**Directions:**
Could you set down exactly the lines in the records below between the line holding "apply rst_step, ctx_base;" and the line holding "- exact absF_abstracted_ac_step.", inclusive?
-- Given information follows --
Lemma quasi_ac_step s t : ac_step s t -> (Q s <-> Q t).
Proof.
  revert s t; apply ctx_ind_abstracted with th i.
  - intros s t H; destruct H as [f a b c|f a b c d];
      destruct (Nat.eq_dec (th f) i) as [e|e].
    1, 3: rewrite !quasi_app, !Forall_cons_iff by exact e;
          rewrite ?quasi_app by exact e; rewrite ?Forall_cons_iff; intuition.
    all: split; apply quasi_alien_ac; auto using alien_app;
         [apply rst_step | apply rst_sym, rst_step]; do 2 constructor; assumption.
  - intros s t [As _] [At _] H; split; apply quasi_alien_ac; auto;
      [apply rst_step | apply rst_sym, rst_step]; assumption.
  - intros f l1 l2 s t e _ IH; split; apply quasi_app_replace; tauto.
Qed.

Lemma quasi_ac_eq s t : AC s t -> (Q s <-> Q t).
Proof. apply clos_rst_iff, quasi_ac_step. Qed.

(* [v_E] identifies [E]-equal ground terms, and an AC step is an [E]-equality. *)
Lemma absF_abstracted_ac_step s t : abstracted th i s -> abstracted th i t ->
  ac_step s t -> ground s -> AC (F s) (F t).
Proof.
  intros As At H Gs.
  assert (Gt : ground t) by (apply (ground_ac_eq (rst_step _ _ _ _ H)), Gs).
  rewrite !absF_abstracted by assumption.
  rewrite (proj2 (vE_correct Gs Gt)); [apply rst_refl|].
  apply rst_step; right; exact H.
Qed.

Lemma absF_ac_step s t : ac_step s t -> ground s -> AC (F s) (F t).
Proof.
  revert s t; apply (@ctx_ind_abstracted _ th i _ (fun s t => ground s -> AC (F s) (F t))).
  - intros s t H; destruct H as [f a b c|f a b c d];
      destruct (Nat.eq_dec (th f) i) as [e|e].
    1, 3: intros _; simpl; rewrite e, Nat.eqb_refl;
          apply rst_step, ctx_base; constructor; assumption.
    all: apply absF_abstracted_ac_step;
         [split; [apply alien_app; auto | discriminate] ..
         | apply ctx_base; constructor; assumption].
  - exact absF_abstracted_ac_step.
  - intros f l1 l2 s t e _ IH G.
    rewrite !absF_app_ctx by exact e.
    apply (ac_eq_context (C := fun x => TApp f (map F l1 ++ x :: map F l2)));
      [apply context_closed_app|].
    apply IH; eapply ground_subterm; [|exact G].
    apply st_app with s; auto using in_or_app, in_eq.
Qed.

Lemma absF_ac_eq s t : AC s t -> ground s -> AC (F s) (F t).
Proof.
  intros H; induction H as [s t H|s|s t H IH|s t u H1 IH1 H2 IH2]; intros G.
  - apply absF_ac_step; assumption.
  - apply rst_refl.
  - apply rst_sym, IH, (ground_ac_eq H), G.
  - eapply rst_trans; [apply IH1, G | apply IH2, (ground_ac_eq H1), G].
Qed.

Lemma quasi_subst_pure sg t : pure th i t ->
  (forall x, subterm (TVar x) t -> Q (sg x)) -> Q (subst sg t).
Proof.
  intros P Hsg u Hu Au.
  destruct (subterm_subst_inv sg _ Hu) as [[x [Hx Hux]]|[t' [Ht' [-> Hnv]]]].
  - exact (Hsg x Hx u Hux Au).
  - exfalso; destruct (P _ Ht') as [[x ->]|[g [l [-> Hg]]]]; [eapply Hnv; reflexivity|].
    apply Au; simpl; eauto.
Qed.

(* The left-hand side of a rule of [E_j] is headed by an [E_j] symbol, so on a
   quasi-[E_i] term only the rules of [E_i] itself can apply at the root. *)
Lemma quasi_rule_root s t : rule_inst (R_E n R) s t -> Q s ->
  Q t /\ rule_inst (R_E n R) (F s) (F t).
Proof.
  intros [r [sg [[j [Hj Hr]] [-> ->]]]] Qs.
  destruct (rule_lhs_pure Hr (st_refl _)) as [[x E]|[f [l [E Hf]]]];
    [exfalso; exact (rule_lhs_not_var Hr E)|].
  assert (j = i) as ->.
  { destruct (Nat.eq_dec j i) as [e|e]; auto; exfalso.
    refine (normal_irreducible (Qs _ (st_refl _) _) (t := subst sg (rhs r)) _).
    - rewrite E; apply alien_app; congruence.
    - apply ctx_base; exists r, sg; split; [exists j|]; auto. }
  split.
  - apply quasi_subst_pure; [exact (rule_rhs_pure Hr)|].
    intros x Hx; eapply quasi_subterm; [|exact Qs].
    apply subterm_subst_var, (rule_vars_incl Hr Hx).
  - rewrite !absF_subst_pure by eauto.
    exists r, (fun x => F (sg x)); split; [exists i|]; auto.
Qed.

Lemma quasi_rule_step s t : rule_step s t -> Q s -> Q t /\ rule_step (F s) (F t).
Proof.
  revert s t; apply (@ctx_ind_abstracted _ th i _
    (fun s t => Q s -> Q t /\ rule_step (F s) (F t))).
  - intros s t H Qs; destruct (quasi_rule_root H Qs); split; [|apply ctx_base]; auto.
  - intros s t [As _] _ H Qs; exfalso.
    exact (normal_irreducible (Qs _ (st_refl _) As) H).
  - intros f l1 l2 s t e _ IH Qs.
    assert (Qs' : Q s).
    { eapply quasi_subterm; [|exact Qs]; apply st_app with s; auto using in_or_app, in_eq. }
    destruct (IH Qs') as [Qt Hst]; split.
    + apply (quasi_app_replace l1 l2 e (fun _ => Qt) Qs).
    + rewrite !absF_app_ctx by exact e; apply ctx_app, Hst.
Qed.

Lemma quasi_step_mod s t : step s t -> Q s -> ground s -> Q t /\ step (F s) (F t).
Proof.
  intros [s' [t' [H1 [H2 H3]]]] Qs Gs.
  assert (Gs' : ground s') by apply (ground_ac_eq H1), Gs.
  destruct (quasi_rule_step H2) as [Qt' Ht']; [apply (quasi_ac_eq H1), Qs|].
  assert (Gt' : ground t') by apply (ground_ctx (rule_inst_vars R_E_vars_incl) H2), Gs'.
  split; [apply (quasi_ac_eq H3), Qt'|].
  exists (F s'), (F t'); auto using absF_ac_eq.
Qed.

Lemma quasi_steps s t : steps (R_E n R) (isAC_E n ac) s t -> Q s -> ground s ->
  Q t /\ steps (R_E n R) (isAC_E n ac) (F s) (F t).
Proof.
  intros H; induction H as [s t H|s|s t u H1 IH1 H2 IH2]; intros Qs Gs.
  - destruct (quasi_step_mod H Qs Gs); split; [|apply rt_step]; auto.
  - split; [auto | apply rt_refl].
  - destruct (IH1 Qs Gs) as [Qt Ht].
    destruct (IH2 Qt (ground_steps R_E_vars_incl H1 Gs)) as [Qu Hu].
    split; [|eapply rt_trans]; eauto.
Qed.

End QuasiTerms.

Theorem proposition2 (Sy : Type) (n : nat) (th : Sy -> nat) (ac : nat -> option Sy)
    (R : nat -> rule Sy -> Prop) (vE : term Sy -> nat) (i : nat) (M N : term Sy) :
  disjoint_combination n th ac R ->
  vE_spec n ac R vE ->
  i < n ->
  ground M ->
  quasi n th ac R i M ->
  steps (R_E n R) (isAC_E n ac) M N ->
  quasi n th ac R i N /\
  steps (R_E n R) (isAC_E n ac) (absF th i vE M) (absF th i vE N).
Proof.
  intros [_ [_ [HR _]]] HvE _ GM QM HMN.
  apply (quasi_steps (th := th) (R := R)); auto.
  - intros j r Hr; apply (HR j r Hr).
  - intros j r Hr; apply (HR j r Hr).
  - intros j r x Hr; apply (HR j r Hr).
  - intros j r x Hr; apply (HR j r Hr).
Qed.
(* Let $(X_1,X_2)$ be an extensible pair and $\gamma\in\mathcal H_2$. Then the following are equivalent: (i) $|\gamma|_{(X_1,X_2)}=0$; (ii) $\gamma^{(k)}\in Q(Z_k)$ for all sufficiently large $k$; (iii) $\gamma^{(k)}\in Q(Z_k)$ for infinitely many values of $k$.
   Context: Marked Dynkin diagram $(X,\xi)$: Dynkin diagram of a symmetrizable generalized Cartan matrix $C(X)$ with distinguished node $\xi$; $\det X=\det C(X)$; $X(-1)$ is $X$ minus $\xi$ ($\det\emptyset=1$); $\Delta_X=\det X-\det X(-1)$. $(X_1,X_2)$ is an extensible pair if $\det X_i\ne0$, $\Delta_i:=\Delta_{X_i}\ne0$, $\gcd(\det X_i,\Delta_i)=1$ ($i=1,2$), $\gcd(\Delta_1,\Delta_2)=1$. $Z_k$ is obtained from the disjoint union of $X_1$, a path $A_k$ (nodes $1,\dots,k$) and $X_2$ by adding simple edges $\xi_1$—$1$ and $k$—$\xi_2$; $\omega_p,\alpha_p$ are fundamental weights and simple roots of $\mathfrak g(Z_k)$, $Q(Z_k)$ the root lattice. Numberings: if $X$ has $d$ nodes, a numbering is a bijection $\epsilon:N(X)\to\{1,\dots,d\}$ with $\epsilon(\xi)=d$. $X(m)$ ($m\ge0$) is $X$ with a path of $m$ new nodes $\xi-1-2-\cdots-m$ attached at $\xi$, numbered by $j(p)=\epsilon(p)$ on $X$ and $j=d+t$ on the $t$-th new node; $\bar\omega^{(m)}$ is the fundamental weight of $\mathfrak g(X(m))$ at the node with $j=d+m$. For $X$ extensible ($\det X\ne0$, $\Delta_X\ne0$, $\gcd(\det X,\Delta_X)=1$) there is (by earlier work of Kleber and the author) a unique integer sequence $(a_i)_{i\ge1}$ such that for all $m\ge0$ with $\det X(m)\ne0$ and all $p\in X(m)$, $-\Delta_X\omega_p-a_{j(p)}\bar\omega^{(m)}\in Q(X(m))$. Fix numberings $\epsilon_1,\epsilon_2$ of $X_1,X_2$ ($d_i$ = number of nodes of $X_i$) and let $(a_i^{(1)}),(a_i^{(2)})$ be the corresponding sequences. On $Z_k$ define numberings $i,\bar\imath$: $i(p)=\epsilon_1(p)$ for $p\in X_1$, $i(p)=d_1+t$ for the $t$-th node of $A_k$, $i(p)=d_1+d_2+k+1-\epsilon_2(p)$ for $p\in X_2$; $\bar\imath(p)=\epsilon_2(p)$ for $p\in X_2$, $\bar\imath(p)=d_2+k+1-t$ for the $t$-th node of $A_k$, $\bar\imath(p)=d_1+d_2+k+1-\epsilon_1(p)$ for $p\in X_1$. $\mathcal H_1$ is the set of integer sequences $x=(x_1,x_2,\dots)$ with finitely many nonzero terms, $\ell(x)=\max\{i:x_i\ne0\}$; $\mathcal H_2=\mathcal H_1\times\mathcal H_1$. For $\gamma=(x,y)$: $\mathrm{ls}(\gamma)=\max(\ell(x),d_1)$, $\mathrm{rs}(\gamma)=\max(\ell(y),d_2)$, $\ell(\gamma)=\mathrm{ls}+\mathrm{rs}$, and for $k\ge\ell(\gamma)-d_1-d_2$, $\gamma^{(k)}=\sum_{p\in Z_k}(x_{i(p)}+y_{\bar\imath(p)})\omega_p$. The number of boxes is $|\gamma|_{(X_1,X_2)}=\Delta_2\sum_ix_ia_i^{(1)}-\Delta_1\sum_iy_ia_i^{(2)}$. *)

From mathcomp Require Import all_boot all_order all_algebra.
Set Implicit Arguments. Unset Strict Implicit. Unset Printing Implicit Defensive.
Import Order.TTheory GRing.Theory Num.Theory.
Local Open Scope ring_scope.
-- Given information concluded --
**Answer below:**
          apply rst_step, ctx_base; constructor; assumption.
    all: apply absF_abstracted_ac_step;
         [split; [apply alien_app; auto | discriminate] ..
         | apply ctx_base; constructor; assumption].
  - exact absF_abstracted_ac_step.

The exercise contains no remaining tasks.